With a record turnout, especially in battleground states like Georgia, people of color had a major impact on the 2020 election results. But while the Black and brown electorate made their voices heard in the election, many of the organizers who registered thousands of voters say the fight is far from over -- and the Democrats they elected must now deliver by centering marginalized voices. NewsHour Weekend’s Ivette Feliciano reports.
We've been reporting on the record turnout this election of Black and brown voters, which helped impact the political process, especially in battleground states like Georgia and Pennsylvania.
Now, with the election over, many of the organizers, who helped register thousands of those voters, say the fight is far from over and want Democrats to deliver on centering marginalized voices.
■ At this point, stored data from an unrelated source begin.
Lemma exists_cubic_vanishing_off (T : {set 'I_7}) x :
  T \subset small_reps live a 2 -> x \in T -> (#|areps| <= #|T| + 3)%N ->
  exists2 p, (forall k, live k -> k \notin T -> cubic_eval p (a k) = 0)
           & cubic_eval p (a x) != 0.
Proof.
move=> /subsetP HT Hx Hcard.
have HTa : T \subset areps by apply/subsetP => r /HT /setDP[].
have HS : (#|areps :\: T| <= 3)%N by rewrite cardsD (setIidPr HTa) leq_subLR.
have Hxa : x \in areps by move/subsetP: HTa; apply.
have Hnc r : r \in areps :\: T -> ~~ collinear (a x) (a r).
  case/setDP=> Hr HrT; apply: (@reps_noncollinear _ _ live) => //.
  by apply: contraNneq HrT => <-.
have [p Hp Hpx] := exists_cubic_vanishing HS (live_a (reps_L Hxa)) Hnc.
exists p => // k Hk HkT; apply: (cubic_eval_reps live_a (T := T)) => // [r Hr HrT|r HrT].
  by apply: Hp; rewrite in_setD HrT.
by apply: contraNN HkT => /(pclass_singleton (HT r HrT)) ->.
Qed.
Lemma functional_lim0 ms p : hlim ms p -> (forall n, f (ms n) = 0) -> f p = 0.
Proof.
move=> hp h0; apply: eq0_small_normc => e e0.
have c0 : 0 < `|c| + 1 by have := normr_ge0 c; lra.
have [N hN] := hp _ (divr_gt0 e0 c0).
have -> : f p = f (p - ms N) by rewrite functionalB h0 subr0.
apply: le_trans (fbound _) _; apply: le_trans (_ : `|c| * hnorm (p - ms N) <= _).
  by rewrite ler_wpM2r ?hnorm_ge0 // ler_norm.
apply: le_trans (_ : `|c| * (e / (`|c| + 1)) <= _).
  by rewrite ler_wpM2l // ltW // hdistC hN.
rewrite mulrCA ger_pMr // ler_pdivrMr // mul1r; lra.
Qed.

(* If [f z != 0], the component [u] of [z] orthogonal to [ker f] satisfies
   [<u, v> = f v / f u * <u, u>] for all [v]. *)
Theorem riesz_representation : exists w : H, forall v, f v = ip w v.
Proof.
have [[z fz]|nz] := EM (exists z, f z <> 0); last first.
  exists 0 => v; rewrite hinner0l.
  by apply: contrapT => hv; apply: nz; exists v.
pose M u := f u = 0.
have Mlin a u w : M u -> M w -> M (a *: u + w).
  by rewrite /M flin => -> ->; rewrite mulr0 addr0.
have [p [[ms [Mms hp]] orth]] := hprojection (functional0 : M 0) Mlin z.
pose u := z - p.
have fu : f u <> 0 by rewrite /u functionalB (functional_lim0 hp Mms) subr0.
have uu : ip u u <> 0 by move=> h; apply: fu; rewrite (hinner_eq0 h) functional0.
have key v : ip u v = f v / f u * ip u u.
  have hx : M (v - (f v / f u) *: u).
    rewrite /M functionalB -[_ *: u]addr0 flin functional0 addr0 mulfVK ?subrr //.
    exact/eqP.
  have := orth _ hx; rewrite -/u hinnerBl hinnerZl => /eqP; rewrite subr_eq0 => /eqP h.
  by rewrite hinner_conj h rmorphM /= conjcK hinner_self conjc_realE.
exists (conjc (f u / ip u u) *: u) => v.
rewrite hinnerZl conjcK (key v).
by field; apply/andP; split; apply/eqP.
Qed.

End Riesz.

Lemma hadjoint_exists (R : realType) (H1 H2 : hilbert R) (G : H2 -> H1) (c : R) :
  linear G -> (forall v, hnorm (G v) <= c * hnorm v) ->
  exists Gadj : H1 -> H2, forall w u, hinner H2 (Gadj w) u = hinner H1 w (G u).
Proof.
move=> Glin Gbd.
suff /choice[Gadj hGadj] : forall w, exists w', forall u, hinner H1 w (G u) = hinner H2 w' u.
  by exists Gadj => w u; rewrite hGadj.
move=> w; apply: (@riesz_representation R H2 (fun u => hinner H1 w (G u)) _ (hnorm w * c)).
  by move=> a u v; rewrite Glin hinnerDr hinnerZr.
move=> v; apply: le_trans (normc_hinner_le _ _) _; rewrite -mulrA.
by rewrite ler_wpM2l ?hnorm_ge0 ?Gbd.
Qed.

Lemma linearB_id (K : pzRingType) (U : lmodType K) (T : U -> U) :
  linear T -> linear (fun v => v - T v).
Proof. by move=> Tlin a u v; rewrite Tlin scalerBr opprD addrACA. Qed.

Lemma selfadjointB_id (R : realType) (H : hilbert R) (T : H -> H) :
  selfadjoint_op T -> selfadjoint_op (fun v => v - T v).
Proof. by move=> Tsa u v; rewrite hinnerBl hinnerBr Tsa. Qed.

Section ContractionSqrt.
Variables (R : realType) (H : hilbert R) (S : H -> H).
Hypotheses (Slin : linear S) (Ssa : selfadjoint_op S)
  (Scontr : forall v, hnorm (S v) <= hnorm v).
Local Notation ip := (hinner H).
Local Notation half := ((2^-1 : R)%:C).

(* The limit [Y] of [Y_(k+1) = (S + Y_k^2) / 2] solves [Y = (S + Y^2) / 2], that is
   [(I - Y)^2 = I - S]; the scalar recursion [q_(k+1) = (1 + q_k^2) / 2] bounds
   [|Y_k|] and [|Y_(k+1) - Y_k|]. *)
Fixpoint sqrt_iter (k : nat) (v : H) : H :=
  if k is k'.+1 then half *: (S v + sqrt_iter k' (sqrt_iter k' v)) else 0.

Fixpoint sqrt_bound (k : nat) : R :=
  if k is k'.+1 then (1 + sqrt_bound k' ^+ 2) / 2 else 0.

Local Notation Y := sqrt_iter.
Local Notation q := sqrt_bound.

Lemma sqrt_iter_linear k : linear (Y k).
Proof.
elim: k => [|k IH] a u v /=; first by rewrite scaler0 addr0.
rewrite Slin IH IH [in RHS]scalerA [a * half]mulrC -[in RHS]scalerA -scalerDr.
by congr (_ *: _); rewrite scalerDr addrACA.
Qed.

Lemma sqrt_iter_commS k v : Y k (S v) = S (Y k v).
Proof.
elim: k v => [|k IH] v /=; first by rewrite (lin0 Slin).
by rewrite !IH -(linD Slin) -(linZ Slin).
Qed.

Lemma sqrt_iter_comm k j v : Y k (Y j v) = Y j (Y k v).
Proof.
elim: k j v => [|k IH] j v /=; first by rewrite (lin0 (sqrt_iter_linear j)).
by rewrite -sqrt_iter_commS IH IH -(linD (sqrt_iter_linear j)) -(linZ (sqrt_iter_linear j)).
Qed.

Lemma sqrt_iter_selfadjoint k : selfadjoint_op (Y k).
Proof.
elim: k => [|k IH] u v /=; first by rewrite hinner0l hinner0r.
by rewrite hinnerZl hinnerZr conjc_realE hinnerDl hinnerDr Ssa IH IH.
Qed.

Lemma sqrt_bound_ge0 k : 0 <= q k.
Proof. by elim: k => [|k IH] //=; apply: divr_ge0 => //; have := sqr_ge0 (q k); lra. Qed.

Lemma sqrt_bound_le1 k : q k <= 1.
Proof.
elim: k => [|k IH] //=; have := sqrt_bound_ge0 k => h0.
by rewrite ler_pdivrMr // expr2; nra.
Qed.

Lemma normc_half : normc half = 2^-1.
Proof. by rewrite normc_real ger0_norm // invr_ge0. Qed.

Lemma sqrt_iter_le k v : hnorm (Y k v) <= q k * hnorm v.
Proof.
elim: k v => [|k IH] v /=; first by rewrite hnorm0 mul0r.
rewrite hnormZ normc_half.
have := hnormD (S v) (Y k (Y k v)); have := IH (Y k v); have := Scontr v.
have : q k * hnorm (Y k v) <= q k * (q k * hnorm v).
  by rewrite ler_wpM2l ?sqrt_bound_ge0 ?IH.
move=> h1 h2 h3 h4.
have -> : (1 + q k ^+ 2) / 2 * hnorm v = 2^-1 * (hnorm v + q k * (q k * hnorm v)) by ring.
by rewrite ler_wpM2l ?invr_ge0 //; lra.
Qed.

(* [Y_(k+2) - Y_(k+1) = (Y_(k+1) + Y_k) (Y_(k+1) - Y_k) / 2], since all [Y_k] commute. *)
Lemma sqrt_iter_step k v : hnorm (Y k.+1 v - Y k v) <= (q k.+1 - q k) * hnorm v.
Proof.
elim: k v => [|k IH] v.
  rewrite /= addr0 subr0 hnormZ normc_half expr0n /= addr0 subr0 mul1r.
  by rewrite ler_wpM2l ?invr_ge0.
set D := Y k.+1 v - Y k v.
have -> : Y k.+2 v - Y k.+1 v = half *: (Y k.+1 D + Y k D).
  rewrite /D !(linB (sqrt_iter_linear _)) (sqrt_iter_comm k k.+1).
  rewrite [Y k.+2 v]/= [Y k.+1 v in X in _ - X]/= -scalerBr.
  by congr (_ *: _); rewrite opprD addrACA subrr add0r addrA subrK.
rewrite hnormZ normc_half.
have h1 := hnormD (Y k.+1 D) (Y k D).
have h2 := sqrt_iter_le k.+1 D; have h3 := sqrt_iter_le k D.
have h4 : (q k.+1 + q k) * hnorm D <= (q k.+1 + q k) * ((q k.+1 - q k) * hnorm v).
  by rewrite ler_wpM2l ?addr_ge0 ?sqrt_bound_ge0 ?IH.
have -> : q k.+2 - q k.+1 = 2^-1 * ((q k.+1 + q k) * (q k.+1 - q k)) by rewrite /=; ring.
by rewrite -mulrA ler_wpM2l ?invr_ge0 //; lra.
Qed.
NewsHour Weekend's Ivette Feliciano has more.
In the run-up to the November elections, members of United We Dream, the largest youth-led immigrant rights organization, reached out to tens of millions of undecided Latinx and first-time voters across the country, through phone banking and digital ad campaigns.
Greisa Martinez Rosas:
I know that like people like myself, I have DACA, have U.S. citizens in our families that we had them, and asked them to think about us when they went into the voting booth.
Greisa Martinez Rosas is United We Dream's Executive Director.
The record turnout of Latinos, of young people, Black and brown folks have been as part of the long term investment of organizers like myself, people in Arizona and Michigan, Pennsylvania, Wisconsin. So, you know, I think that there's work to do and we will not stop until we tell the story about how this turn out wasn't an accident.
The Black and brown turn out did not go unnoticed, as President-Elect Joe Biden acknowledged in his acceptance speech last Saturday night.
The African American community stood up again for me. They always have my back, and I'll have yours.
I'm not one for empty platitudes. The Democratic Party owes a great deal to the Black electorate. And it's time to pay up that tab.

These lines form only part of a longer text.